*The problem*. Copy out the lines of the records below, and only those lines, from the one with "- move=> i j k p q r ij jk km pi qj rk." through the one with "- subst k; have", exactly as they appear.

____________

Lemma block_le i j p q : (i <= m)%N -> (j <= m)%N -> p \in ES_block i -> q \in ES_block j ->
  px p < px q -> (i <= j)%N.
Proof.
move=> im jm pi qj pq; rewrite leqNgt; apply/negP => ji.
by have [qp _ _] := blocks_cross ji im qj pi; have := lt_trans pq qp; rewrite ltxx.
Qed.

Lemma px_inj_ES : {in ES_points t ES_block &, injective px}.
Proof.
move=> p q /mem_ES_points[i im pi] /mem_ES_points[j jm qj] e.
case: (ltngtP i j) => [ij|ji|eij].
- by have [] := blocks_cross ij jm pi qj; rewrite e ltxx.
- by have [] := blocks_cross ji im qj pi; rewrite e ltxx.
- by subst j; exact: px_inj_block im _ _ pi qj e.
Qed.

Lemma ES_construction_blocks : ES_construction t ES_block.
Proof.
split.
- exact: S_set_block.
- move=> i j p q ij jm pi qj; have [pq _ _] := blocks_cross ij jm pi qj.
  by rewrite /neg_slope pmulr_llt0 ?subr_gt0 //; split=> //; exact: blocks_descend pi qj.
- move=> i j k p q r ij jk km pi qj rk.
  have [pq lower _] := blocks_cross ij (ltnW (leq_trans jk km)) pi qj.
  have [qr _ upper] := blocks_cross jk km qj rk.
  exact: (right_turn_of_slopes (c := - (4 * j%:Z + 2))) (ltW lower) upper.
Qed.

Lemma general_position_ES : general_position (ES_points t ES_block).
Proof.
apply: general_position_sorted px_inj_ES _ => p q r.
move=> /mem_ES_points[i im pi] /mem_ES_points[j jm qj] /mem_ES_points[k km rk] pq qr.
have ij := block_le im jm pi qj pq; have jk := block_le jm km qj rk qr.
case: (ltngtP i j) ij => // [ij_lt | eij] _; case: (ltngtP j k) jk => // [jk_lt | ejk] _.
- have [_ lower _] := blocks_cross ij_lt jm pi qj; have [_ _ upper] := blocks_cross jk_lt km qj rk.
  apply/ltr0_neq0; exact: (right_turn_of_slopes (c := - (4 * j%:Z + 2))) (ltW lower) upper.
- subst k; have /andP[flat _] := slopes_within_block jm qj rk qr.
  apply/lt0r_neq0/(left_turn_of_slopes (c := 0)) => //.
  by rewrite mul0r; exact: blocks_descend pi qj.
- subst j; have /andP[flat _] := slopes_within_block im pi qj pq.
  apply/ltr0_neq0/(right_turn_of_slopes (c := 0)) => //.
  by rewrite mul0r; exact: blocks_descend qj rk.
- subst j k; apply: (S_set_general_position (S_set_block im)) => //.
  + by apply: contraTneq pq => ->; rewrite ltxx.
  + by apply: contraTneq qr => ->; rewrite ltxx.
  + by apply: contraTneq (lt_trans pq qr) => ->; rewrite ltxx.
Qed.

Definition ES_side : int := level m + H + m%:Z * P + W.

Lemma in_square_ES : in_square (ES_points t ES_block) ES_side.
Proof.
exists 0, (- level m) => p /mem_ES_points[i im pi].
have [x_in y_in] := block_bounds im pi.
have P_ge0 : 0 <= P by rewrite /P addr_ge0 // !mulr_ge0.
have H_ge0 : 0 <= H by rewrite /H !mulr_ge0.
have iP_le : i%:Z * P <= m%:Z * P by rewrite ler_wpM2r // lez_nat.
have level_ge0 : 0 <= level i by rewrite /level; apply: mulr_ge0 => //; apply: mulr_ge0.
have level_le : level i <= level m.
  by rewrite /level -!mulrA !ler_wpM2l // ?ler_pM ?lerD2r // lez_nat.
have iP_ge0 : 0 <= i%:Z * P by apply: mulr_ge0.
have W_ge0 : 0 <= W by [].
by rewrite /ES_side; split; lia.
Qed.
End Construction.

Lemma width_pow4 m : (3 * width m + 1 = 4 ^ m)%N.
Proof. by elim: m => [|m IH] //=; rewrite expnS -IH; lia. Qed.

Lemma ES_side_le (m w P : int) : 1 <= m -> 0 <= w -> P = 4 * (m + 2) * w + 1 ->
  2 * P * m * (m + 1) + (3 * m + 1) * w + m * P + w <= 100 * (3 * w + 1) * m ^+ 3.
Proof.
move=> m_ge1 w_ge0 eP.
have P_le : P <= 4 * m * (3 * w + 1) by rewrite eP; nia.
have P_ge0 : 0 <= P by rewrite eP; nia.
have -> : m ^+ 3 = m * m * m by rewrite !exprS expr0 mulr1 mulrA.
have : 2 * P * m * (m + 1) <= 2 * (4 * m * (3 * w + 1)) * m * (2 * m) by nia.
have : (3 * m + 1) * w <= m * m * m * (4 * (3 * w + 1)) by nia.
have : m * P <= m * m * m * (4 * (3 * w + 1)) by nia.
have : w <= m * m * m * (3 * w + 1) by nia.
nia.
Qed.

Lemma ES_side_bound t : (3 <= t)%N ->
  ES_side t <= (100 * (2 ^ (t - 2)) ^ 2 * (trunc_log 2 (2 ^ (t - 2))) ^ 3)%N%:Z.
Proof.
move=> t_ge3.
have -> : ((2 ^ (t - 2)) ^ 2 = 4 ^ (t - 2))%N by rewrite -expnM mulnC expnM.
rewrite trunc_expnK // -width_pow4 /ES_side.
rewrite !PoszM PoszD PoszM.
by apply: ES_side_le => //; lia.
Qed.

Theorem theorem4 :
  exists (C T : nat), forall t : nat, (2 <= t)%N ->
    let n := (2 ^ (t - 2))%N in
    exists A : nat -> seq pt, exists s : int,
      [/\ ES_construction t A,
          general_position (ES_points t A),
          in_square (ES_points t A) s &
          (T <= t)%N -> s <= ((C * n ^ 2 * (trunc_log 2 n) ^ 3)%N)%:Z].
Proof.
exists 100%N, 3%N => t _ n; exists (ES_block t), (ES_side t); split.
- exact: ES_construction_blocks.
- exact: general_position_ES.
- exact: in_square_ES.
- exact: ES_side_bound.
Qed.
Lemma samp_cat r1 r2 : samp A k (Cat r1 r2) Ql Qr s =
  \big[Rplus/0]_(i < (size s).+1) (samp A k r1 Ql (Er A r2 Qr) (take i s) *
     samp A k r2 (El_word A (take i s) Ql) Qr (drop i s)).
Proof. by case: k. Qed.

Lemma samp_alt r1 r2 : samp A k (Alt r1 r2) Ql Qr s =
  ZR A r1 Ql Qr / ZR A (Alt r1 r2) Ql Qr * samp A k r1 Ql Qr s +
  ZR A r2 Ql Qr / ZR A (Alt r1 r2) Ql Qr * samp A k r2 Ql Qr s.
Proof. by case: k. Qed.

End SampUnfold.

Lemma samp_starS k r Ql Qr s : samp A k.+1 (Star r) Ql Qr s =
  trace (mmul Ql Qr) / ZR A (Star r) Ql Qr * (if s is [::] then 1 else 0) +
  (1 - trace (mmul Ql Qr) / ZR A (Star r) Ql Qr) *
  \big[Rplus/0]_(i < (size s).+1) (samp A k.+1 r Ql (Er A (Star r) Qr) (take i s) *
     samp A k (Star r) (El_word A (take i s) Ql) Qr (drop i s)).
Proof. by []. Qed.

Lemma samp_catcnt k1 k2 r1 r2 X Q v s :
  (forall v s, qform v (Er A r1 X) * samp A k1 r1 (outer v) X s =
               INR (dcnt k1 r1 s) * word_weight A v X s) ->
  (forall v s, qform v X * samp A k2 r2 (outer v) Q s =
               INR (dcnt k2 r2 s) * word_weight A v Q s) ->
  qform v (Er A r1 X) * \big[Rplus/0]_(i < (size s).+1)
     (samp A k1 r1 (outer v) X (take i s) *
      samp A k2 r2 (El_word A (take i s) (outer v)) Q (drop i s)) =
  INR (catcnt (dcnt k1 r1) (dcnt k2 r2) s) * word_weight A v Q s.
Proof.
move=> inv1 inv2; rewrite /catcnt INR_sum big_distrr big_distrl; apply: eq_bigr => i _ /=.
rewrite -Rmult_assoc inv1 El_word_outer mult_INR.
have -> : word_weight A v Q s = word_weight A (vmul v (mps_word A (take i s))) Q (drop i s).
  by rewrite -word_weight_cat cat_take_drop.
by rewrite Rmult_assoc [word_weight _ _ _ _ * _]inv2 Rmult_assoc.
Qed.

____________

*Exercise solution*.
- move=> i j k p q r ij jk km pi qj rk.
  have [pq lower _] := blocks_cross ij (ltnW (leq_trans jk km)) pi qj.
  have [qr _ upper] := blocks_cross jk km qj rk.
  exact: (right_turn_of_slopes (c := - (4 * j%:Z + 2))) (ltW lower) upper.
Qed.

Lemma general_position_ES : general_position (ES_points t ES_block).
Proof.
apply: general_position_sorted px_inj_ES _ => p q r.
move=> /mem_ES_points[i im pi] /mem_ES_points[j jm qj] /mem_ES_points[k km rk] pq qr.
have ij := block_le im jm pi qj pq; have jk := block_le jm km qj rk qr.
case: (ltngtP i j) ij => // [ij_lt | eij] _; case: (ltngtP j k) jk => // [jk_lt | ejk] _.
- have [_ lower _] := blocks_cross ij_lt jm pi qj; have [_ _ upper] := blocks_cross jk_lt km qj rk.
  apply/ltr0_neq0; exact: (right_turn_of_slopes (c := - (4 * j%:Z + 2))) (ltW lower) upper.
- subst k; have /andP[flat _] := slopes_within_block jm qj rk qr.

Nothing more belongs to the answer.